● Work order:
Everything from the top of the data below through the line with "pose proof (Hrange k" should be duplicated exactly, and nothing past it.
====== Extracted data
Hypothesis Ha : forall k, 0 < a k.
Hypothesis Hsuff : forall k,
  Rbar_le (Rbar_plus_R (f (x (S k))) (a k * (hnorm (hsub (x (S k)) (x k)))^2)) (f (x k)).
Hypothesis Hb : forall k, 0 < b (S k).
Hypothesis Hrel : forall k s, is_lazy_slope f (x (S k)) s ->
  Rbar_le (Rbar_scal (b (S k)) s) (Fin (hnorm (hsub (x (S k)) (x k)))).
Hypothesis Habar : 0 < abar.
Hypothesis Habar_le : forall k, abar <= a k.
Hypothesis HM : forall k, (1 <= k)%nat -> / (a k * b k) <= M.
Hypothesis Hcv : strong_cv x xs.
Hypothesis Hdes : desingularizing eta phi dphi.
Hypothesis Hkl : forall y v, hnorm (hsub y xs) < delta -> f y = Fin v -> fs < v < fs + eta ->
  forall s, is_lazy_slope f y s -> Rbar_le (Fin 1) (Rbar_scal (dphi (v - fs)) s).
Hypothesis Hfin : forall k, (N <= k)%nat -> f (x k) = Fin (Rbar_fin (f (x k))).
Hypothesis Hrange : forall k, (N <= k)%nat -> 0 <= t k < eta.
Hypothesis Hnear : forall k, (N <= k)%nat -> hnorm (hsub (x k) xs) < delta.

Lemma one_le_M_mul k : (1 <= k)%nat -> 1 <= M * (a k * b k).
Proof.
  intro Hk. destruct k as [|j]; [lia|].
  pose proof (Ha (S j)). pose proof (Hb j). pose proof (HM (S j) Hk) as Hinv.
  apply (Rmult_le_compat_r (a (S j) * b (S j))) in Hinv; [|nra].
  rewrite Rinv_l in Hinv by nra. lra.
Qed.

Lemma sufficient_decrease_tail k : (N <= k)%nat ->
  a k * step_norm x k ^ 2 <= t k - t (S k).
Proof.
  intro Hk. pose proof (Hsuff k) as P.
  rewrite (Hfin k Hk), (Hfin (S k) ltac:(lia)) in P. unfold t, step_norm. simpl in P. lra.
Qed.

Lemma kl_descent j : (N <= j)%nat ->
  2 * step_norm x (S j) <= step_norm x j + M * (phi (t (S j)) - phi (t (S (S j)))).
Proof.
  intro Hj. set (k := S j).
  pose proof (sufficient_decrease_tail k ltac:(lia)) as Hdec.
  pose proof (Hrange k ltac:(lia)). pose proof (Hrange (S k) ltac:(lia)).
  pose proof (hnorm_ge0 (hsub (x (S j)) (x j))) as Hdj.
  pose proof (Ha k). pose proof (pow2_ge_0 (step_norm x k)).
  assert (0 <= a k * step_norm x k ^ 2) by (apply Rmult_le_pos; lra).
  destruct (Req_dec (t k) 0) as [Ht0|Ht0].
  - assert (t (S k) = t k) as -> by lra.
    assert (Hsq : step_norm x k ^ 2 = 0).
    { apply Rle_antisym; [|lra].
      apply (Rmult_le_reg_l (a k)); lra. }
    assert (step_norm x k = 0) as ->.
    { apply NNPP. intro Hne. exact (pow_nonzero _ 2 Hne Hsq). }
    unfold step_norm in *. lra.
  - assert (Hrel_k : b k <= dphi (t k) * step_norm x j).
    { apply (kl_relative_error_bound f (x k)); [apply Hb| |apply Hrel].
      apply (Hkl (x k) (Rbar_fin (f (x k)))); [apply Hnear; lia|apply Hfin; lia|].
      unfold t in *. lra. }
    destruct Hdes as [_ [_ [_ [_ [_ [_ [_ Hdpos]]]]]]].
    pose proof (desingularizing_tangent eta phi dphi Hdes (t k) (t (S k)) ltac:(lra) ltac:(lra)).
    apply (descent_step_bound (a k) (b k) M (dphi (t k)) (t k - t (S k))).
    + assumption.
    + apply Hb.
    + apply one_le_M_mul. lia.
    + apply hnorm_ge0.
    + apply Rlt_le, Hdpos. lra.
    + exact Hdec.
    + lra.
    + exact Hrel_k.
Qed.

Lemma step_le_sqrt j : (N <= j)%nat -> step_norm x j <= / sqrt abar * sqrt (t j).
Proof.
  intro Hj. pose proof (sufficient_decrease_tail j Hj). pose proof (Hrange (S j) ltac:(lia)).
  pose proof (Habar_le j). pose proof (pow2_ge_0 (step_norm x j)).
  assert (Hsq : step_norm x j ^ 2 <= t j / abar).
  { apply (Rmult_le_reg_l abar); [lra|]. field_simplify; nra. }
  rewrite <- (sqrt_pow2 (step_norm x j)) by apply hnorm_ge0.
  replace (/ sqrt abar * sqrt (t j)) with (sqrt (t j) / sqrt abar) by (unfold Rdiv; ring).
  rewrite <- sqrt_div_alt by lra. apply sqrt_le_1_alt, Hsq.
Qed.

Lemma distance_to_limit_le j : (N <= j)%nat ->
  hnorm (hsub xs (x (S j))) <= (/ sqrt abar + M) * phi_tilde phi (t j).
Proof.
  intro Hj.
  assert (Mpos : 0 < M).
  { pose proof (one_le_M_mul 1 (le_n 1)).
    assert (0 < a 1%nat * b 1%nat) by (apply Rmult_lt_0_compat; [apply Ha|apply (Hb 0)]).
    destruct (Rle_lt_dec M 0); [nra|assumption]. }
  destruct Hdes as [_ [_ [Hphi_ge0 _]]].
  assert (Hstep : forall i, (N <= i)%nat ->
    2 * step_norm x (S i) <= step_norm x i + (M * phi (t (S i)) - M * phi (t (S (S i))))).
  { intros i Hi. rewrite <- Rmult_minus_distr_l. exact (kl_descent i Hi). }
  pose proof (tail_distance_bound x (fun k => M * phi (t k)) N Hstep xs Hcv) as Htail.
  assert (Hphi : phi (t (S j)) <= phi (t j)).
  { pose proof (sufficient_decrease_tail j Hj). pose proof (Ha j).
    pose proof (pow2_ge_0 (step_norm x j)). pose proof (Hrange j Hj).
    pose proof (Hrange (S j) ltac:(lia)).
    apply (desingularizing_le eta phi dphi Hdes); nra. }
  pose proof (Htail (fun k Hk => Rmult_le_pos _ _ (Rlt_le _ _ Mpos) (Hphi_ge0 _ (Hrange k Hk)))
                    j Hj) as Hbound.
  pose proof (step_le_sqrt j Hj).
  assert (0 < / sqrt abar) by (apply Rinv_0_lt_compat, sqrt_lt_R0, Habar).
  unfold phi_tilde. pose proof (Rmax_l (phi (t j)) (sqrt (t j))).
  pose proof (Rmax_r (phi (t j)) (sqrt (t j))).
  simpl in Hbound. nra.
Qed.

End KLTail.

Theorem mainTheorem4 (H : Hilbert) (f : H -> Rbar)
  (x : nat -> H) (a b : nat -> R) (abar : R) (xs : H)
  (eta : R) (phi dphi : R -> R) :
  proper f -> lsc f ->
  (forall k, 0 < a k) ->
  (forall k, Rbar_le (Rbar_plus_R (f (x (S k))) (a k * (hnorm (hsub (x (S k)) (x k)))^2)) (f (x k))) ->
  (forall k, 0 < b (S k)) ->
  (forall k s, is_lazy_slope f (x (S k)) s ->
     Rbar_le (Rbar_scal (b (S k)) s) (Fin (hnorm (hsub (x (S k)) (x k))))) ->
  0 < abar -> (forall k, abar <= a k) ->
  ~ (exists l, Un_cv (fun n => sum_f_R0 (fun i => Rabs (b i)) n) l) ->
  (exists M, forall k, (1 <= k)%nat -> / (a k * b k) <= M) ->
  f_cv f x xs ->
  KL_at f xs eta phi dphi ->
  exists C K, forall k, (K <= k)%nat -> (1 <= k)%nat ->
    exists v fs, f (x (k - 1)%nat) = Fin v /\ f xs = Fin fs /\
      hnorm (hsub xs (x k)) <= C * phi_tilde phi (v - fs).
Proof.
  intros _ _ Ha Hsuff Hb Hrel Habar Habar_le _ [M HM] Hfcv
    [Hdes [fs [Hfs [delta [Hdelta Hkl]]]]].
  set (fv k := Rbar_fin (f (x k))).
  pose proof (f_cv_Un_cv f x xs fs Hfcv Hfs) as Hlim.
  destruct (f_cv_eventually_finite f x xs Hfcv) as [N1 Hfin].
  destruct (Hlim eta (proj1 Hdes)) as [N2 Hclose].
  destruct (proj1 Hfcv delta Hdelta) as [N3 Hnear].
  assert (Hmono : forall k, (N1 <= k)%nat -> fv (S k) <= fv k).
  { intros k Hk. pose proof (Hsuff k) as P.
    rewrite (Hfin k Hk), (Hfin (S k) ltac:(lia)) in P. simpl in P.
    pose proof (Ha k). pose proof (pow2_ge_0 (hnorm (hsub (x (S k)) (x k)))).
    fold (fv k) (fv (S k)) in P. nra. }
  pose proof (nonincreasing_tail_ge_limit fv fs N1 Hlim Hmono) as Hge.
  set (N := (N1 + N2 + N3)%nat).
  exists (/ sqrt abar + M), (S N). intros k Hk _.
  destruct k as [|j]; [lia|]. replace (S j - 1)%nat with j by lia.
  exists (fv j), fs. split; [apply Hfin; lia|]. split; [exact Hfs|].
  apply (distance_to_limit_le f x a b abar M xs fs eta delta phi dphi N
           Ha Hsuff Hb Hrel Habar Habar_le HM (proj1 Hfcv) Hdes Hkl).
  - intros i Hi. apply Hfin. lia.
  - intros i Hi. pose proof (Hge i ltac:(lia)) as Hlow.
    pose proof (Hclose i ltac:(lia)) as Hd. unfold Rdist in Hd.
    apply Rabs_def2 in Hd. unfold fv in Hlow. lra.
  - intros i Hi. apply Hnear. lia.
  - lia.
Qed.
============
● Result for this exercise:
Hypothesis Ha : forall k, 0 < a k.
Hypothesis Hsuff : forall k,
  Rbar_le (Rbar_plus_R (f (x (S k))) (a k * (hnorm (hsub (x (S k)) (x k)))^2)) (f (x k)).
Hypothesis Hb : forall k, 0 < b (S k).
Hypothesis Hrel : forall k s, is_lazy_slope f (x (S k)) s ->
  Rbar_le (Rbar_scal (b (S k)) s) (Fin (hnorm (hsub (x (S k)) (x k)))).
Hypothesis Habar : 0 < abar.
Hypothesis Habar_le : forall k, abar <= a k.
Hypothesis HM : forall k, (1 <= k)%nat -> / (a k * b k) <= M.
Hypothesis Hcv : strong_cv x xs.
Hypothesis Hdes : desingularizing eta phi dphi.
Hypothesis Hkl : forall y v, hnorm (hsub y xs) < delta -> f y = Fin v -> fs < v < fs + eta ->
  forall s, is_lazy_slope f y s -> Rbar_le (Fin 1) (Rbar_scal (dphi (v - fs)) s).
Hypothesis Hfin : forall k, (N <= k)%nat -> f (x k) = Fin (Rbar_fin (f (x k))).
Hypothesis Hrange : forall k, (N <= k)%nat -> 0 <= t k < eta.
Hypothesis Hnear : forall k, (N <= k)%nat -> hnorm (hsub (x k) xs) < delta.

Lemma one_le_M_mul k : (1 <= k)%nat -> 1 <= M * (a k * b k).
Proof.
  intro Hk. destruct k as [|j]; [lia|].
  pose proof (Ha (S j)). pose proof (Hb j). pose proof (HM (S j) Hk) as Hinv.
  apply (Rmult_le_compat_r (a (S j) * b (S j))) in Hinv; [|nra].
  rewrite Rinv_l in Hinv by nra. lra.
Qed.

Lemma sufficient_decrease_tail k : (N <= k)%nat ->
  a k * step_norm x k ^ 2 <= t k - t (S k).
Proof.
  intro Hk. pose proof (Hsuff k) as P.
  rewrite (Hfin k Hk), (Hfin (S k) ltac:(lia)) in P. unfold t, step_norm. simpl in P. lra.
Qed.

Lemma kl_descent j : (N <= j)%nat ->
  2 * step_norm x (S j) <= step_norm x j + M * (phi (t (S j)) - phi (t (S (S j)))).
Proof.
  intro Hj. set (k := S j).
  pose proof (sufficient_decrease_tail k ltac:(lia)) as Hdec.
  pose proof (Hrange k ltac:(lia)). pose proof (Hrange (S k) ltac:(lia)).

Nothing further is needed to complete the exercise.